(* Let $G$ be a triangle-free $2$-degenerate graph on $n\ge1$ vertices. Then $\sqrt[n]{\tilde b(G)}\le\Gamma_2$, where $\Gamma_2\approx1.2207$ is the unique root in $[1,2]$ of $x^4-x-1=0$.
   Context: A graph is $2$-degenerate if every induced subgraph has a vertex of degree at most $2$. $\mathrm{Ind}(G)$ is the independence complex of $G$ (including the empty face), and $\tilde b(G)=\sum_{i\ge-1}\dim_{\mathbb{K}}\widetilde H_i(\mathrm{Ind}(G);\mathbb{K})$ for a fixed field $\mathbb{K}$. *)

From HB Require Import structures.
From mathcomp Require Import all_boot all_order all_algebra.
Set Implicit Arguments. Unset Strict Implicit. Unset Printing Implicit Defensive.
Import Order.TTheory GRing.Theory Num.Theory.

Section Graphs.
Variable T : finType.
Variable e : rel T.

Definition simple_graph : Prop := symmetric e /\ irreflexive e.

Definition triangle_free : Prop :=
  forall x y z : T, ~ [&& e x y, e y z & e x z].

Definition two_degenerate : Prop :=
  forall A : {set T}, A != set0 ->
    exists2 v, v \in A & #|[set u in A | e v u]| <= 2.

Definition independent (S : {set T}) : bool :=
  [forall x in S, forall y in S, ~~ e x y].

(* faces of Ind(G) with exactly k vertices (dimension k-1); k = 0 is the
   empty face *)
Definition faces (k : nat) : {set {set T}} :=
  [set S : {set T} | independent S && (#|S| == k)].

Definition vpos (S : {set T}) (v : T) : nat :=
  #|[set u in S | enum_rank u < enum_rank v]|.

Local Open Scope ring_scope.
Variable K : fieldType.

(* matrix of the (augmented) simplicial boundary map
   C_k(Ind G) -> C_{k-1}(Ind G), from faces with k+1 vertices to faces with
   k vertices (row-vector convention: rows index the source basis) *)
Definition bd (k : nat) : 'M[K]_(#|faces k.+1|, #|faces k|) :=
  \matrix_(i, j)
    (let S := enum_val (A := faces k.+1) i in
     let R := enum_val (A := faces k) j in
     if R \subset S then \sum_(v in S :\: R) (-1) ^+ vpos S v else 0).

Definition rank_out (k : nat) : nat :=
  if k is k'.+1 then \rank (bd k') else 0%N.

(* dim_K  H~_{k-1}(Ind G; K) = dim ker d_{k-1} - dim im d_k *)
Definition red_betti (k : nat) : nat :=
  (#|faces k| - rank_out k - \rank (bd k))%N.

Definition total_red_betti : nat :=
  (\sum_(k < #|T|.+1) red_betti k)%N.

End Graphs.

(* Write b(A) for the total reduced Betti number of the independence complex
   of the induced subgraph G[A].  For a vertex v of A, the boundary matrices of
   the deletion Ind(G[A - v]) and (up to signs) of the link Ind(G[A - N[v]])
   are diagonal blocks of a block-triangular submatrix of the boundary matrix
   of Ind(G[A]); comparing ranks gives b(A) <= b(A - v) + b(A - N[v]).  An
   isolated vertex makes Ind(G[A]) a cone, so b(A) = 0, and a vertex whose only
   neighbour is y gives b(A) <= b(A - N[y]).
   In a triangle-free 2-degenerate graph take v of degree at most 2.  Either
   one of these reductions applies, or v has two nonadjacent neighbours a and
   c, each with a further neighbour p and q; splitting at a, v becomes a leaf
   of A - a hanging from c, so b(A) <= b(A - a - N[c]) + b(A - N[a]), where
   the first set misses a, c, v, q and the second a, v, p.  Hence
   b(A) <= G^|A| by induction, since G^(n-4) + G^(n-3) = G^n. *)

From HB Require Import structures.
From mathcomp Require Import all_boot all_order all_algebra.
From mathcomp Require Import zify.
Import Order.TTheory GRing.Theory Num.Theory.
Set Implicit Arguments. Unset Strict Implicit. Unset Printing Implicit Defensive.
Local Open Scope ring_scope.

Section RankBounds.
Variable K : fieldType.

Lemma mxrank_block_mx_lower m1 m2 n1 n2 (A : 'M[K]_(m1, n1)) (C : 'M[K]_(m2, n1))
    (D : 'M[K]_(m2, n2)) :
  (\rank A + \rank D <= \rank (block_mx A 0 C D))%N.
Proof.
rewrite block_mxEv -addsmxE.
set U := row_mx A 0; set L := row_mx C D.
pose P : 'M[K]_(n1 + n2) := block_mx 0 0 0 1.
have UP : U *m P = 0 by rewrite /U /P mul_row_block !mulmx0 !mul0mx !addr0 row_mx0.
have LP : L *m P = row_mx 0 D by rewrite /L /P mul_row_block !mulmx0 !mulmx1 !addr0 add0r.
have capU : (\rank (U :&: L) <= \rank (L :&: kermx P))%N.
  by apply: mxrankS; rewrite capmxC; apply: capmxS => //; rewrite sub_kermx UP.
move: capU; have := mxrank_sum_cap U L; have := mxrank_mul_ker L P.
rewrite LP rank_row_0mx /U rank_row_mx0; lia.
Qed.

Lemma mxrank_mxsub m n p q (f : 'I_p -> 'I_m) (g : 'I_q -> 'I_n) (A : 'M[K]_(m, n)) :
  (\rank (mxsub f g A) <= \rank A)%N.
Proof.
have -> : mxsub f g A = rowsub f 1%:M *m (A *m colsub g 1%:M).
  by rewrite mulmx_colsub mulmx1 -mxsub_mul mul1mx.
exact: leq_trans (mxrankM_maxr _ _) (mxrankM_maxl _ _).
Qed.

Lemma mxrank_mxsub_lower m n p1 p2 q1 q2 (A : 'M[K]_(m, n))
    (f1 : 'I_p1 -> 'I_m) (g1 : 'I_q1 -> 'I_n) (f2 : 'I_p2 -> 'I_m) (g2 : 'I_q2 -> 'I_n) :
  (forall i j, A (f1 i) (g2 j) = 0) ->
  (\rank (mxsub f1 g1 A) + \rank (mxsub f2 g2 A) <= \rank A)%N.
Proof.
move=> A12_0.
pose f i := match split i with inl i1 => f1 i1 | inr i2 => f2 i2 end.
pose g j := match split j with inl j1 => g1 j1 | inr j2 => g2 j2 end.
apply: leq_trans (mxrank_mxsub f g A).
have -> : mxsub f g A = block_mx (mxsub f1 g1 A) 0 (mxsub f2 g1 A) (mxsub f2 g2 A).
  apply/matrixP => i j; rewrite /block_mx !mxE /f /g.
  by case: (split i) => i'; rewrite !mxE; case: (split j) => j'; rewrite !mxE.
exact: mxrank_block_mx_lower.
Qed.

Lemma mxrank_scale_rowcol m n (A : 'M[K]_(m, n)) (a : 'I_m -> K) (b : 'I_n -> K) :
  (\rank (\matrix_(i, j) (a i * A i j * b j)%R) <= \rank A)%N.
Proof.
have -> : \matrix_(i, j) (a i * A i j * b j)%R =
    diag_mx (\row_i a i) *m A *m diag_mx (\row_j b j).
  by apply/matrixP => i j; rewrite mul_mx_diag mul_diag_mx !mxE.
exact: leq_trans (mxrankM_maxl _ _) (mxrankM_maxr _ _).
Qed.

Lemma mxrank_diagonal n (A : 'M[K]_n) :
  (forall i j, (A i j != 0) = (i == j)) -> \rank A = n.
Proof.
move=> A_diag; apply: mxrank_unit.
have -> : A = diag_mx (\row_i A i i).
  apply/matrixP => i j; rewrite !mxE.
  have [<-|ij] := eqVneq i j; first by rewrite mulr1n.
  by rewrite mulr0n; apply/eqP; rewrite -[_ == 0]negbK A_diag (negPf ij).
rewrite unitmxE det_diag unitfE prodf_seq_neq0; apply/allP => i _ /=.
by rewrite mxE A_diag.
Qed.

End RankBounds.

Section EnumMap.
Variables (U : finType) (A B : {set U}) (h : U -> U).
Hypothesis hAB : forall x, x \in A -> h x \in B.

Definition enum_map (i : 'I_#|A|) : 'I_#|B| :=
  enum_rank_in (hAB (enum_valP i)) (h (enum_val i)).

Lemma enum_mapE i : enum_val (enum_map i) = h (enum_val i).
Proof. by rewrite /enum_map enum_rankK_in // hAB // enum_valP. Qed.

End EnumMap.

Section ChainComplex.
Variables (T : finType) (K : fieldType).

(* Faces are given by an arbitrary predicate [F]; [faces], [bd] and
   [red_betti] are the instances [F := independent e], up to conversion. *)
Definition facesF (F : pred {set T}) (k : nat) : {set {set T}} :=
  [set S : {set T} | F S && (#|S| == k)].

Definition boundary_mx (A B : {set {set T}}) : 'M[K]_(#|A|, #|B|) :=
  \matrix_(i, j)
    (let S := enum_val (A := A) i in
     let R := enum_val (A := B) j in
     if R \subset S then \sum_(v in S :\: R) (-1) ^+ vpos S v else 0).

Definition bdF F k := boundary_mx (facesF F k.+1) (facesF F k).

Definition rank_outF F k : nat := if k is k'.+1 then \rank (bdF F k') else 0%N.

Definition red_bettiF F k : nat :=
  (#|facesF F k| - rank_outF F k - \rank (bdF F k))%N.

Definition bettiF F : nat := (\sum_(k < #|T|.+1) red_bettiF F k)%N.

Lemma total_red_betti_bettiF (e : rel T) : total_red_betti e K = bettiF (independent e).
Proof. by []. Qed.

Exercise directions → Return all lines in the data that include the word "Prop".

Written answer →
Definition simple_graph : Prop := symmetric e /\ irreflexive e.
Definition triangle_free : Prop :=
Definition two_degenerate : Prop :=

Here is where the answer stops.